Lemma not_approximable_near A : ~ approximable A ->
  \forall d \near 0^'+, forall s, A `<=` Bs pi s -> rmass q (Bs pi s) <= m - d.
Proof.
move=> napxA.
have [d0 [d0_gt0 cap]] : exists d0, 0 < d0 /\
    forall s, A `<=` Bs pi s -> rmass q (Bs pi s) <= m - d0.
  apply: contrapT => nocap; apply: napxA => d d_gt0; apply: contrapT => nos.
  apply: nocap; exists d; split=> // s As.
  by rewrite leNgt; apply/negP => lt; apply: nos; exists s.
near=> d => s /cap /le_trans; apply; rewrite lerD2l lerN2.
by near: d; exact: nbhs_right_le.
Unshelve. all: by end_near.
Qed.

(* A row approximating the supremum closely enough puts more mass outside [A]
   than [q] has outside a finite set [F], hence contains a point of [F \ A]. *)
Lemma approximable_extend A : (forall s, rmass q (Bs pi s) < m) ->
  approximable A -> exists2 B, approximable B & A `<` B.
Proof.
move=> lt_m apxA; apply: contrapT => noext.
have [s1 [As1 _]] := apxA 1 ltr01.
have r_gt0 : 0 < m - rmass q A.
  by rewrite subr_gt0; apply: le_lt_trans (le_rmass q_prob As1) (lt_m s1).
have [F finF tailF] := prob_tail q_prob (divr_gt0 r_gt0 (ltr0n _ 2)).
have capped t : F t -> \forall d \near 0^'+, ~ A t ->
    forall s, A `|` [set t] `<=` Bs pi s -> rmass q (Bs pi s) <= m - d.
  move=> _; have [At|nAt] := pselect (A t); first by near=> d.
  have napxAt : ~ approximable (A `|` [set t]).
    move=> apxAt; apply: noext; exists (A `|` [set t]) => //.
    by split; [exact: subsetUl | move=> /(_ t (or_intror erefl))].
  by apply: filterS (not_approximable_near napxAt) => d cap _.
have capF := near_forall_finite finF capped.
near (0 : R)^'+ => d.
have d_gt0 : 0 < d by near: d; exact: nbhs_right_gt.
have [s [As lt_s]] := apxA d d_gt0.
have [t [[Bst nAt] Ft]] : exists t, (Bs pi s `&` ~` A) t /\ F t.
  apply: contrapT => no_t.
  have : rmass q (Bs pi s `&` ~` A) <= rmass q (~` F).
    by apply: le_rmass => // t Bt Ft; apply: no_t; exists t.
  have : d <= (m - rmass q A) / 2.
    by near: d; apply: nbhs_right_le; rewrite divr_gt0.
  by move: lt_s; rewrite (rmassID A (Bs pi s)) // setIidr //; lra.
have cap_d : forall t, F t -> ~ A t ->
    forall s, A `|` [set t] `<=` Bs pi s -> rmass q (Bs pi s) <= m - d.
  by near: d; exact: capF.
have tB : [set t] `<=` Bs pi s by move=> _ ->.
by have := cap_d t Ft nAt s; rewrite subUset => /(_ (conj As tB)); lra.
Unshelve. all: by end_near.
Qed.
Lemma Inf_scal {T} (f : T -> R) (t0 : T) a :
  0 < a -> bounded_below f -> Inf (fun t => a * f t) = a * Inf f.
Proof.
  intros Ha Hf. pose proof (bounded_below_scal f a ltac:(lra) Hf) as Hb.
  destruct Hf as [m Hm].
  apply Rle_antisym.
  - set (h := fun t => a * f t) in *.
    assert (H : Inf h / a <= Inf f).
    { apply (le_Inf _ t0). intros t. pose proof (Inf_le _ Hb t) as Ht.
      apply Rmult_le_reg_l with a; [lra|].
      replace (a * (Inf h / a)) with (Inf h) by (field; lra). exact Ht. }
    replace (Inf h) with (a * (Inf h / a)) by (field; lra).
    apply Rmult_le_compat_l; lra.
  - apply (le_Inf _ t0). intros t.
    apply Rmult_le_compat_l; [lra | exact (Inf_le f (ex_intro _ m Hm) t)].
Qed.

Lemma Inf_add_le {I J K} (f : I -> R) (g : J -> R) (h : K -> R) (i0 : I) (j0 : J) :
  bounded_below h -> (forall i j, exists k, h k <= f i + g j) -> Inf h <= Inf f + Inf g.
Proof.
  intros Hb Hc.
  assert (Hg : forall i, Inf h - f i <= Inf g).
  { intros i. apply (le_Inf _ j0). intros j. destruct (Hc i j) as [k Hk].
    pose proof (Inf_le h Hb k). lra. }
  enough (Inf h - Inf g <= Inf f) by lra.
  apply (le_Inf _ i0). intros i. specialize (Hg i). lra.
Qed.

Section VectorAlgebra.
Variable E : NormedSpace.
Implicit Types x y z : E.

Lemma vadd_0l x : vadd vzero x = x.
Proof. rewrite vadd_comm; apply vadd_0. Qed.

Lemma vadd_cancel x y z : vadd x y = vadd x z -> y = z.
Proof.
  intros H.
  assert (H0 : vadd (vopp x) (vadd x y) = vadd (vopp x) (vadd x z)) by now rewrite H.
  rewrite !vadd_assoc, (vadd_comm _ (vopp x) x), vadd_opp, !vadd_0l in H0. exact H0.
Qed.

Lemma vscal_0l x : vscal 0 x = vzero.
Proof.
  apply (vadd_cancel (vscal 0 x)). rewrite vadd_0, <- vscal_distr_s, Rplus_0_r.
  reflexivity.
Qed.

Lemma vscal_0r a : vscal a (@vzero E) = vzero.
Proof. rewrite <- (vscal_0l vzero), vscal_assoc, Rmult_0_r. reflexivity. Qed.

Lemma vopp_scal x : vopp x = vscal (-1) x.
Proof.
  apply (vadd_cancel x). rewrite vadd_opp.
  rewrite <- (vscal_1 _ x) at 1. rewrite <- vscal_distr_s, Rplus_opp_r, vscal_0l.
  reflexivity.
Qed.

Lemma norm_opp x : norm (vopp x) = norm x.
Proof. rewrite vopp_scal, norm_scal, Rabs_left by lra. ring. Qed.

Lemma vadd_subK x y : vadd (vadd x y) (vopp x) = y.
Proof. rewrite (vadd_comm _ x y), <- vadd_assoc, vadd_opp, vadd_0. reflexivity. Qed.
Lemma foldl_incr t (m : mindex t) r : foldl (@incr t) m r = [ffun j => m j + count_mem j r].
Proof.
elim: r m => [|i r IH] m /=; first by apply/ffunP => j; rewrite ffunE addn0.
by rewrite IH; apply/ffunP => j; rewrite !ffunE addnA eq_sym.
Qed.

Definition mfact t (m : mindex t) : nat := \prod_(i < t) (m i)`!.

Lemma mfact_gt0 t (m : mindex t) : 0 < mfact m.
Proof. by rewrite prodn_gt0 // => i; rewrite fact_gt0. Qed.

Lemma mfact_incr t (m : mindex t) i : mfact (incr m i) = mfact m * (m i).+1.
Proof.
rewrite /mfact (bigD1 i) // [X in _ = X * _](bigD1 i) //= ffunE eqxx addn1 factS.
rewrite (eq_bigr (fun j => (m j)`!)) => [|j /negbTE hj]; last by rewrite ffunE hj addn0.
by rewrite -mulnA mulnC.
Qed.

Local Open Scope ring_scope.

Definition egf t (W : mindex t -> rat) : series t := fun m => W m / (mfact m)%:R.

Lemma pderiv_egf t i (f : series t) W :
  f =1 egf W -> pderiv i f =1 egf (fun m => W (incr m i)).
Proof.
move=> fW m; rewrite /pderiv fW /egf mfact_incr natrM.
have h1 : (mfact m)%:R != 0 :> rat by rewrite pnatr_eq0 -lt0n mfact_gt0.
have h2 : 1 + (m i)%:R != 0 :> rat by rewrite addrC natr1 pnatr_eq0.
by field; rewrite h1 h2.
Qed.

Lemma foldr_pderiv_egf t (W : mindex t -> rat) r :
  foldr (@pderiv t) (egf W) r =1 egf (fun m => W (foldl (@incr t) m r)).
Proof. by elim: r W => //= i r IH W; apply: pderiv_egf (IH W). Qed.

Section AdjacentPairs.

Variable s : nat.

Local Notation lo := (widen_ord (leqnSn s)).
Local Notation hi := (lift ord0).

Definition Dprod_coef (W : mindex s.+1 -> rat) (r : seq 'I_s) : mindex s.+1 -> rat :=
  foldr (fun i G m => G (incr m (lo i)) + G (incr m (hi i))) W r.

Lemma foldr_Dprod_egf (W : mindex s.+1 -> rat) r :
  foldr (fun (i : 'I_s) f => sadd (pderiv (lo i) f) (pderiv (hi i) f)) (egf W) r
  =1 egf (Dprod_coef W r).
Proof.
elim: r => //= i r IH m.
by rewrite /sadd !(pderiv_egf _ IH) /egf mulrDl.
Qed.

(* Expanding the product: the bit b_i selects the variable i (true) or i+1 (false). *)
Definition adjacent_pick (r : seq 'I_s) (b : seq bool) : seq 'I_s.+1 :=
  [seq if x.2 then lo x.1 else hi x.1 | x <- zip r b].

Lemma Dprod_coef_sum W r m :
  Dprod_coef W r m = \sum_(b <- bitseqs (size r)) W (foldl (@incr _) m (adjacent_pick r b)).
Proof.
elim: r m => [|i r IH] m /=; first by rewrite big_cons big_nil addr0.
by rewrite !IH big_cat !big_map.
Qed.

End AdjacentPairs.

Local Close Scope ring_scope.

Definition adjacent_choices (b : seq bool) (a : nat) : seq nat :=
  [seq if x.2 then x.1 else x.1.+1 | x <- zip (iota a (size b)) b].

Lemma count_adjacent_choices_lt b a y : y < a -> count_mem y (adjacent_choices b a) = 0.
Proof.
elim: b a => //= c b IH a ya; rewrite -/(adjacent_choices b a.+1) IH; last exact: ltnW.
by case: c; rewrite /= addn0 ?(gtn_eqF ya) ?(gtn_eqF (ltnW ya : y < a.+1)).
Qed.

Lemma count_adjacent_choices b a x : x <= size b ->
  count_mem (a + x) (adjacent_choices b a) = last_step b x.+1 + ~~ last_step b x.
Proof.
elim: b a x => [|c b IH] a [|x] //= hx; rewrite -/(adjacent_choices b a.+1).
  by rewrite count_adjacent_choices_lt; [case: c; case: eqP => /=; lia | lia].
rewrite -addSnnS IH //; case: c => /=.
  by rewrite ltn_eqF ?ltn_addr // add0n; case: x hx.
rewrite -{1}(addn0 a.+1) eqn_add2l.
by case: x hx => [|x] _ //=; rewrite addn0 addnC.
Qed.

Lemma map_val_adjacent_pick s (r : seq 'I_s) b :
  map val (adjacent_pick r b) = [seq if x.2 then x.1 else x.1.+1 | x <- zip (map val r) b].
Proof. by elim: r b => [|i r IH] [|c b] //=; rewrite IH; case: c. Qed.
Lemma run_round_fails f i :
  ~~ round_passes i ->
  exists t, [/\ run_sq f.+2 (agreed_transcript i) = Some t,
                comm t <= i.*2.+2 & (size t)./2 = i].
Proof.
rewrite /round_passes /= size_agreed_transcript odd_double doubleK.
case: ltnP => [_ _|size_A /=].
  exists (agreed_transcript i).
  by rewrite comm_agreed_transcript size_agreed_transcript doubleK; split=> //; lia.
rewrite size_rcons size_agreed_transcript /= uphalf_double last_rcons.
rewrite ltnNge eq_sym => fails; rewrite odd_double /= -negb_and fails.
exists (rcons (agreed_transcript i) (fingerprint r (take (checkpoint i) A))).
rewrite size_rcons size_agreed_transcript /= uphalf_double -cats1 /comm map_cat sumn_cat.
by rewrite -/(comm _) comm_agreed_transcript /=; split=> //; lia.
Qed.

Lemma squaring_good i0 R :
  (forall i, i < i0 -> checkpoint i <= lcp A B) -> lcp A B < checkpoint i0 ->
  i0.*2.+2 <= R -> ~~ round_passes i0 ->
  good (squaring_protocol Sigma) A B r R R
       (fun l' => lcp A B <= l' <= lcp A B ^ 2).
Proof.
move=> le_lcp lcp_lt R_ge fails; rewrite /good /run.
have -> : R.+1 = (R.+1 - i0.*2 - 2).+2 + i0.*2 by lia.
rewrite run_rounds_pass //.
have [t [-> comm_t half_t]] := run_round_fails (R.+1 - i0.*2 - 2) fails.
exists t; split=> //; split; first by lia.
rewrite /= half_t pred_checkpoint_leq_sqr // andbT.
by have := checkpoint_gt0 i0; lia.
Qed.

End SquaringRun.

Lemma squaring_search (Sigma : finType) (A B : seq Sigma) :
  let g := lg (lg (lcp A B)) in
  prob_at_least
    (fun r => good (squaring_protocol Sigma) A B r (6 * g.+1) (6 * g.+1)
                   (fun l' => lcp A B <= l' <= lcp A B ^ 2)) (3 / 4).
Proof.
move=> g; set l := lcp A B.
have ex_exceeds : exists i, l < checkpoint i by exists g.+2; apply: ltn_exp2_lglg.
have [i0 lt_i0 min_i0] := ex_minnP ex_exceeds.
have le_l i : i < i0 -> checkpoint i <= l.
  by move=> lt_i; rewrite leqNgt; apply/negP => /min_i0; lia.
have i0_le : i0 <= g.+2 by apply/min_i0/ltn_exp2_lglg.
have good_r r : ~~ round_passes A B r i0 -> good (squaring_protocol Sigma) A B r
    (6 * g.+1) (6 * g.+1) (fun l' => l <= l' <= l ^ 2).
  by apply: squaring_good => //; lia.
have [/andP [size_A size_B]|too_short] :=
  boolP ((checkpoint i0 <= size A) && (checkpoint i0 <= size B)); last first.
  apply: prob_at_least_sure => // r; apply: good_r.
  by apply: contra too_short => /and3P [-> ->].
set m := checkpoint i0 in size_A size_B good_r.
have size_take : size (take m A) = size (take m B) by rewrite !size_takel.
have neq_take : take m A != take m B.
  by apply/eqP => /(leq_lcp size_A size_B); rewrite leqNgt lt_i0.
apply: prob_at_least_sub (fingerprint_separates size_take neq_take) => r sep.
by apply: good_r; rewrite /round_passes -/m size_A size_B (negbTE sep).
Qed.

Theorem lemma9 (Sigma : finType) :
  (* (1) l <= l' <= l^2 with O(lg lg l) rounds and O(lg lg l) communication *)
  (exists (P : protocol Sigma) (C : nat) (p : rat), (1 / 2 < p)%R /\
     forall A B : seq Sigma,
       prob_at_least
         (fun r => good P A B r (C * (lg (lg (lcp A B))).+1)
                              (C * (lg (lg (lcp A B))).+1)
                              (fun l' => lcp A B <= l' <= lcp A B ^ 2)) p)
  /\
  (* (2) l <= l' <= |A|^2 with O(1) rounds and O(lg lg lg |A|) communication *)
  (exists (P : protocol Sigma) (C : nat) (p : rat), (1 / 2 < p)%R /\
     forall A B : seq Sigma,
       prob_at_least
         (fun r => good P A B r C
                              (C * (lg (lg (lg (size A)))).+1)
                              (fun l' => lcp A B <= l' <= size A ^ 2)) p).
Proof.
split.
- exists (squaring_protocol Sigma), 6, (3 / 4)%R; split; first by [].
  exact: squaring_search.
- exists (one_message_protocol Sigma), 3, 1%R; split; first by [].
  by move=> A B; apply: prob_at_least_sure => // r; apply: one_message_good.
Qed.
(** * Classical patterns *)

Lemma mem_subseqs s t : (t \in subseqs s) = subseq t s.
Proof.
elim: s t => [|a s IH] [|b t] //=; rewrite mem_cat IH ?sub0seq ?orbT //.
have cons_inj : injective (cons a) by move=> ? ? [].
case: (eqVneq b a) => [->|ne].
  rewrite (mem_map cons_inj) IH.
  by apply/orP/idP => [[//|/cons_subseq //]|]; left.
have -> // : (b :: t \in [seq a :: u | u <- subseqs s]) = false.
by apply/mapP => [[? _ [eba _]]]; rewrite eba eqxx in ne.
Qed.

Lemma containsP s p : reflect (exists2 t, subseq t s & order_iso t p) (contains s p).
Proof.
by apply: (iffP hasP) => [[t]|[t]]; rewrite ?mem_subseqs; exists t; rewrite ?mem_subseqs.
Qed.

Lemma contains_subseq s1 s2 p : subseq s1 s2 -> contains s1 p -> contains s2 p.
Proof.
by move=> s12 /containsP [t ts1 tp]; apply/containsP; exists t; first exact: subseq_trans s12.
Qed.

Lemma contains2P s p (r : rel nat) : size p = 2 ->
  (forall u v, order_iso [:: u; v] p = r u v) ->
  reflect (exists u v, subseq [:: u; v] s /\ r u v) (contains s p).
Proof.
move=> sp isoE; apply: (iffP (containsP s p)) => [[t ts tp]|[u [v [uvs ruv]]]].
  move: (tp) => /andP [/eqP st _]; rewrite sp in st.
  by case: t st ts tp => [|u [|v []]] // _ ts; rewrite isoE; exists u, v.
by exists [:: u; v]; rewrite ?isoE.
Qed.

Lemma contains3P s p (r : nat -> nat -> nat -> bool) : size p = 3 ->
  (forall u v w, order_iso [:: u; v; w] p = r u v w) ->
  reflect (exists u v w, subseq [:: u; v; w] s /\ r u v w) (contains s p).
Proof.
move=> sp isoE; apply: (iffP (containsP s p)) => [[t ts tp]|[u [v [w [uvws ruvw]]]]].
  move: (tp) => /andP [/eqP st _]; rewrite sp in st.
  by case: t st ts tp => [|u [|v [|w []]]] // _ ts; rewrite isoE; exists u, v, w.
by exists [:: u; v; w]; rewrite ?isoE.
Qed.

Ltac order_iso_tac := move=> *; rewrite /order_iso /=;
  do ![case: ltngtP => ? //=]; lia.

Lemma contains21P s :
  reflect (exists u v, subseq [:: u; v] s /\ v < u) (contains s [:: 2; 1]).
Proof. by apply: (@contains2P s [:: 2; 1] (fun u v => v < u) erefl); order_iso_tac. Qed.

Lemma contains123P s :
  reflect (exists u v w, subseq [:: u; v; w] s /\ u < v < w) (contains s [:: 1; 2; 3]).
Proof. by apply: (@contains3P s [:: 1; 2; 3] (fun u v w => u < v < w) erefl); order_iso_tac. Qed.

Lemma contains132P s :
  reflect (exists u v w, subseq [:: u; v; w] s /\ u < w < v) (contains s [:: 1; 3; 2]).
Proof. by apply: (@contains3P s [:: 1; 3; 2] (fun u v w => u < w < v) erefl); order_iso_tac. Qed.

────────────────────

## EXERCISE DIRECTIONS
Across the lines of the material above, tally those holding the word "Local" and state the number by itself.

## ANSWER TO THIS EXERCISE
4